> _Task instructions_
Give the data again exactly, stopping after the "have cSd : <[d]> \subset 'C(S)." line.

> _Supplied data_
=== Begin Enclosure ===
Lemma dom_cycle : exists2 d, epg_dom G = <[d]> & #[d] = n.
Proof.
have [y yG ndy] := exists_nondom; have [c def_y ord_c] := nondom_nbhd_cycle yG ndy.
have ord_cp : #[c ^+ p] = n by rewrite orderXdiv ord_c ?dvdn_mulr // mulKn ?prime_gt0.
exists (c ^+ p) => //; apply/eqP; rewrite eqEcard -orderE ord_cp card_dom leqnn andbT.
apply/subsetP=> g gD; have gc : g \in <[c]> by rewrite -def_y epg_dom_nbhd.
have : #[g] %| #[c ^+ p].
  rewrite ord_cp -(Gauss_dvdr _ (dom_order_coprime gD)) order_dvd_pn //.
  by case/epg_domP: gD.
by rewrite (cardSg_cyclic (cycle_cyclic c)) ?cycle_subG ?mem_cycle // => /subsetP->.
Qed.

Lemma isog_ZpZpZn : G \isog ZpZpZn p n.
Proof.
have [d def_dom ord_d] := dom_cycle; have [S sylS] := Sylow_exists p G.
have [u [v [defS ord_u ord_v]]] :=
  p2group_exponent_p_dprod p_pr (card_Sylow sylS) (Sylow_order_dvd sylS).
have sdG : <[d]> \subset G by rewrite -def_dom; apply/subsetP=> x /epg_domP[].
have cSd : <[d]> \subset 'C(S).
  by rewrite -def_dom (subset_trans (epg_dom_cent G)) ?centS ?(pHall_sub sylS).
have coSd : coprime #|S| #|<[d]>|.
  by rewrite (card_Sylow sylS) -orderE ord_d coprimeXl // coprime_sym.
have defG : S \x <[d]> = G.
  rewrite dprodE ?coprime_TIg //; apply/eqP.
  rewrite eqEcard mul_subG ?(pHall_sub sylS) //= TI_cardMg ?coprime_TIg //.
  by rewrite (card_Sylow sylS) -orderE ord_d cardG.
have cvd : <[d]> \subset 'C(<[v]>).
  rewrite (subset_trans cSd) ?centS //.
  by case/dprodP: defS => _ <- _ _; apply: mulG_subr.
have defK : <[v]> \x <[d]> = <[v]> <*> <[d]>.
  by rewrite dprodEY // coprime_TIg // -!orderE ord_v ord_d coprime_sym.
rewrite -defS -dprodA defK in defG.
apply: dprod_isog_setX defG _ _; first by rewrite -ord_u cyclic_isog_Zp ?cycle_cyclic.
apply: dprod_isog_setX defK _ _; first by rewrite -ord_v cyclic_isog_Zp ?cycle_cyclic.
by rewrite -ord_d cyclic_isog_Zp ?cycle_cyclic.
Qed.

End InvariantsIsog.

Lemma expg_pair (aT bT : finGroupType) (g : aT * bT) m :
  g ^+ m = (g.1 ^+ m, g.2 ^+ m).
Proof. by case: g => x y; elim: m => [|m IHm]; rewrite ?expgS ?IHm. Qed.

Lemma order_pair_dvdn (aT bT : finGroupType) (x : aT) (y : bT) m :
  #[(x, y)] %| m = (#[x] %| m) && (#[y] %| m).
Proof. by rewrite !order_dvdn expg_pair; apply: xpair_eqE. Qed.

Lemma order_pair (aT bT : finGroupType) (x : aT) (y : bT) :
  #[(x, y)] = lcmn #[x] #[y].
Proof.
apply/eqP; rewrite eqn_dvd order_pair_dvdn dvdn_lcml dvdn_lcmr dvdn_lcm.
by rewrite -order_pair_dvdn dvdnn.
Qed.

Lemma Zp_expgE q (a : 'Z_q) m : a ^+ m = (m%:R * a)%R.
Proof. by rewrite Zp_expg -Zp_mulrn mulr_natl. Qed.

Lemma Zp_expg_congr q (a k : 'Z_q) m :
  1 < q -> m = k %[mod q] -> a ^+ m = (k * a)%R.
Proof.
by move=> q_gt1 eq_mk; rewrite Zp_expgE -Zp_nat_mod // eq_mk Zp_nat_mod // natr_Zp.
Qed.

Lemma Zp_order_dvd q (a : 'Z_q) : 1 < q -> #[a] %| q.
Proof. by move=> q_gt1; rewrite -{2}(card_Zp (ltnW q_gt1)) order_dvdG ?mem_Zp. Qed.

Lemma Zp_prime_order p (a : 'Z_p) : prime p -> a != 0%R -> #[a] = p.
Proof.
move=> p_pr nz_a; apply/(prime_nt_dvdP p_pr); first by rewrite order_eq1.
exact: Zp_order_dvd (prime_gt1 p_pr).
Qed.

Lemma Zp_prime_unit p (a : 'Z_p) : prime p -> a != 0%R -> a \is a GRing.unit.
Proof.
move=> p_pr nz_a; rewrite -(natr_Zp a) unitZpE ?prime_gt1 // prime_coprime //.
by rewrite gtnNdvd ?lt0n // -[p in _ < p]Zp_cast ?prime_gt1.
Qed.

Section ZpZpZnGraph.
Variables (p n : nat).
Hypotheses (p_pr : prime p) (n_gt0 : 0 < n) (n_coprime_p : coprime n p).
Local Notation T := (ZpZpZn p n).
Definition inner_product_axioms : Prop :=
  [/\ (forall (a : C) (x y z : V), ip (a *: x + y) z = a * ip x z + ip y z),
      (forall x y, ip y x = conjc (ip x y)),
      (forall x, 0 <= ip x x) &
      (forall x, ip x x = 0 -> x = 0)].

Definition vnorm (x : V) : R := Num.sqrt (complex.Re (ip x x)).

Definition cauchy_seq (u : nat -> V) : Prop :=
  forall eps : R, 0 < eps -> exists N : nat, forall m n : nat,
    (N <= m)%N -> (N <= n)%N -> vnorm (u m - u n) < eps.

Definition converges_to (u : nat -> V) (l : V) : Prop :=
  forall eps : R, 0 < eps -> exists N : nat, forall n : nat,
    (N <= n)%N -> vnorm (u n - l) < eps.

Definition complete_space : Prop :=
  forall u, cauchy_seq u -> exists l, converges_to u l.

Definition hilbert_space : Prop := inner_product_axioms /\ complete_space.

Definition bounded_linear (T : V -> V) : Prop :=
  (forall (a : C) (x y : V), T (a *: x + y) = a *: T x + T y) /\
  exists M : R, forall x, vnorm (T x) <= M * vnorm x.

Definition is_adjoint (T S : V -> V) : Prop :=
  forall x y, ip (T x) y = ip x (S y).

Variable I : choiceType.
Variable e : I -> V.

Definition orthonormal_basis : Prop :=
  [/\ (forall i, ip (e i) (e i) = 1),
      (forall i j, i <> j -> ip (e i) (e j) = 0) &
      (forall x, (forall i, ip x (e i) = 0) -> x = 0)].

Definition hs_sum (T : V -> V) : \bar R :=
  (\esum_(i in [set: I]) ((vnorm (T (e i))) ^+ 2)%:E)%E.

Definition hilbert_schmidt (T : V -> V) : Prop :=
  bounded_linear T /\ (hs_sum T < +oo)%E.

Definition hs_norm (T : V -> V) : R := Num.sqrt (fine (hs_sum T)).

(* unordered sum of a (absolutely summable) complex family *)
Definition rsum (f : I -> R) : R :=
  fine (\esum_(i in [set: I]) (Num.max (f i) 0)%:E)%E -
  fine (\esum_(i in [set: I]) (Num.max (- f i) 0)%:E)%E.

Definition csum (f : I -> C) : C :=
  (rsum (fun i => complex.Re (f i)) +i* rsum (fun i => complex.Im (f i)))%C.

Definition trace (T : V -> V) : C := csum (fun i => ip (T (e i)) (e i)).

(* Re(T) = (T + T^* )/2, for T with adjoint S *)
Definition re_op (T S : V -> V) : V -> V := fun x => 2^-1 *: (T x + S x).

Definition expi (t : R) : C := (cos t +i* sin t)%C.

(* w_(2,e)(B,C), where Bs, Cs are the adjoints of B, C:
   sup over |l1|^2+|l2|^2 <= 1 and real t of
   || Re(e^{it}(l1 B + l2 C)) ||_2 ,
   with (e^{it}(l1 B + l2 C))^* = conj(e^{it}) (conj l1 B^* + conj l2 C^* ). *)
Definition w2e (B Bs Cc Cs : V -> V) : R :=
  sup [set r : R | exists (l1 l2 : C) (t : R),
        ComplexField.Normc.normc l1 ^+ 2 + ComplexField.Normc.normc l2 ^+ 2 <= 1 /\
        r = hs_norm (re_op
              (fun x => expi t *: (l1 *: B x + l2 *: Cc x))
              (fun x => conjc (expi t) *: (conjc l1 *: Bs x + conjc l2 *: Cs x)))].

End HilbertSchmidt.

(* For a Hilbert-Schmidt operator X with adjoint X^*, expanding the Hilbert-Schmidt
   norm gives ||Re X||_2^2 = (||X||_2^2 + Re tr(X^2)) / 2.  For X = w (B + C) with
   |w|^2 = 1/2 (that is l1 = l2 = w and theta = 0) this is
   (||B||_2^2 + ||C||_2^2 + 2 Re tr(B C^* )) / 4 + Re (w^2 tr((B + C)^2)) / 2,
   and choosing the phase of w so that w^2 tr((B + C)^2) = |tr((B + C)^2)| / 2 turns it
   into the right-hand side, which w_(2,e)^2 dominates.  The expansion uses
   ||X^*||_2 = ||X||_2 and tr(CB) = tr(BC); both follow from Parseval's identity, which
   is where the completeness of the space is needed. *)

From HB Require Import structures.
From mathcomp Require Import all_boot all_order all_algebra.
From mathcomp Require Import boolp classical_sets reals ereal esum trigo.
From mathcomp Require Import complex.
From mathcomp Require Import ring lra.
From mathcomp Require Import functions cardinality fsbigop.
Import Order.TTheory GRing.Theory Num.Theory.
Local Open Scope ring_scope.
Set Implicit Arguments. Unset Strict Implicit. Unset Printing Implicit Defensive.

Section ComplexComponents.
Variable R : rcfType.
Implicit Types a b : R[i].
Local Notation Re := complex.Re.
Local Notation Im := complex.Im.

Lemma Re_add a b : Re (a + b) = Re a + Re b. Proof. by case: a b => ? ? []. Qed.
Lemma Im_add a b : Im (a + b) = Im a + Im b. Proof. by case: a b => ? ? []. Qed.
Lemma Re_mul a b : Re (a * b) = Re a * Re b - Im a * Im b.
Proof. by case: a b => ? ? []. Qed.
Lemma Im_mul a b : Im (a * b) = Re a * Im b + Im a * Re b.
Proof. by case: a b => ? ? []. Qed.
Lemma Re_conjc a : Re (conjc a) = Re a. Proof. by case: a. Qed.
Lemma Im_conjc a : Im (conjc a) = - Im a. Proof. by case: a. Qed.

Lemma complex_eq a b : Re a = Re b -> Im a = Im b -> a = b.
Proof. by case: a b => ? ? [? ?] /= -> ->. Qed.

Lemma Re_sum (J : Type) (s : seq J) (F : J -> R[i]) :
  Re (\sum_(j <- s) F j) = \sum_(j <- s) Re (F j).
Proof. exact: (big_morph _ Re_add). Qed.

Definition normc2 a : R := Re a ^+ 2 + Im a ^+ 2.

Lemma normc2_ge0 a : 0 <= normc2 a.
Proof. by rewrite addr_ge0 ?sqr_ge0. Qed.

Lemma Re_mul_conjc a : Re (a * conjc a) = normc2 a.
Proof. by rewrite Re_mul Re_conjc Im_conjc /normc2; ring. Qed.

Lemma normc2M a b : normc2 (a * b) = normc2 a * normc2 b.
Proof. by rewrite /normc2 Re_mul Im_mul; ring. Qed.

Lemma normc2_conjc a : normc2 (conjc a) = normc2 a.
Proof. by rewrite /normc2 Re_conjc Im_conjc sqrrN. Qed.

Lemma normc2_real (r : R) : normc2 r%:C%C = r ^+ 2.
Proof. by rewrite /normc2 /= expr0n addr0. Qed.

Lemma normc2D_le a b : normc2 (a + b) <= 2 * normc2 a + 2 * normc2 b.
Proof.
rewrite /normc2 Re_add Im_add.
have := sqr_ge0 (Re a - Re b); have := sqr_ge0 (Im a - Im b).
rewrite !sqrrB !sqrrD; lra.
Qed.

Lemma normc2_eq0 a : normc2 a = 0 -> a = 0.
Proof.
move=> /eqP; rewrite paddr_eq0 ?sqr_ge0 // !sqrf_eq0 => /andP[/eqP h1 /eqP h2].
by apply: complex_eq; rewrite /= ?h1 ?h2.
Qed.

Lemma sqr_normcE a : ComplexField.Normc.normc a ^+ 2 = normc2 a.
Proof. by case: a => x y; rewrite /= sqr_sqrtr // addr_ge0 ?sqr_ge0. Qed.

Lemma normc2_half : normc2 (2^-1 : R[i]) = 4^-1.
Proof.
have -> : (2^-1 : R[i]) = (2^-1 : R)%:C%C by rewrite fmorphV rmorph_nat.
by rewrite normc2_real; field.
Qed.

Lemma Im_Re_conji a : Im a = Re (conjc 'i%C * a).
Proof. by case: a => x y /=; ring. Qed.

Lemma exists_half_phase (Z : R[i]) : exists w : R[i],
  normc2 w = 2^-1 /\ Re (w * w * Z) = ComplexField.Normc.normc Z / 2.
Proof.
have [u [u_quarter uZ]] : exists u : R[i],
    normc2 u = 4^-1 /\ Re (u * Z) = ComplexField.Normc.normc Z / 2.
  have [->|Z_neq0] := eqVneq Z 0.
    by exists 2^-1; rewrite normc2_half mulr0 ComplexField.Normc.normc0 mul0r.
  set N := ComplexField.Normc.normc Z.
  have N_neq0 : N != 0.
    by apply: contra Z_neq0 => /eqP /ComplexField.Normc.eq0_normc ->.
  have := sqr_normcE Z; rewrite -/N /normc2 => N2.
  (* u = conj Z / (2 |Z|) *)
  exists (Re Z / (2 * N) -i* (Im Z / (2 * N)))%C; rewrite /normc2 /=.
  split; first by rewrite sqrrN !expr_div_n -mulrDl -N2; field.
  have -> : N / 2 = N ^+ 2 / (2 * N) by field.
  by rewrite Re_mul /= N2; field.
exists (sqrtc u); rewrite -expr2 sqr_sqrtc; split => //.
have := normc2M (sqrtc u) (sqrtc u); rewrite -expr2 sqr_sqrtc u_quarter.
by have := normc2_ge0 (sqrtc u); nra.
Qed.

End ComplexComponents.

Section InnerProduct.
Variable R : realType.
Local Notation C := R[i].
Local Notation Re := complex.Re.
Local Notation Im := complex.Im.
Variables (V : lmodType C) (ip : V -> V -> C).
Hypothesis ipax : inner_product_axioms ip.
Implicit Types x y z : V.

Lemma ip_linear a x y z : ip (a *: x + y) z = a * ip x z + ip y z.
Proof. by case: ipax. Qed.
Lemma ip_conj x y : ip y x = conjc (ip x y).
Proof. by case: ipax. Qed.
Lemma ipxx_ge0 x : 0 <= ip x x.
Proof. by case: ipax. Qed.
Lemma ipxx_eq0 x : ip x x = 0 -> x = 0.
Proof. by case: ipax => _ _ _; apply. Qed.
=== End Enclosure ===
> _Written answer_
Lemma dom_cycle : exists2 d, epg_dom G = <[d]> & #[d] = n.
Proof.
have [y yG ndy] := exists_nondom; have [c def_y ord_c] := nondom_nbhd_cycle yG ndy.
have ord_cp : #[c ^+ p] = n by rewrite orderXdiv ord_c ?dvdn_mulr // mulKn ?prime_gt0.
exists (c ^+ p) => //; apply/eqP; rewrite eqEcard -orderE ord_cp card_dom leqnn andbT.
apply/subsetP=> g gD; have gc : g \in <[c]> by rewrite -def_y epg_dom_nbhd.
have : #[g] %| #[c ^+ p].
  rewrite ord_cp -(Gauss_dvdr _ (dom_order_coprime gD)) order_dvd_pn //.
  by case/epg_domP: gD.
by rewrite (cardSg_cyclic (cycle_cyclic c)) ?cycle_subG ?mem_cycle // => /subsetP->.
Qed.

Lemma isog_ZpZpZn : G \isog ZpZpZn p n.
Proof.
have [d def_dom ord_d] := dom_cycle; have [S sylS] := Sylow_exists p G.
have [u [v [defS ord_u ord_v]]] :=
  p2group_exponent_p_dprod p_pr (card_Sylow sylS) (Sylow_order_dvd sylS).
have sdG : <[d]> \subset G by rewrite -def_dom; apply/subsetP=> x /epg_domP[].
have cSd : <[d]> \subset 'C(S).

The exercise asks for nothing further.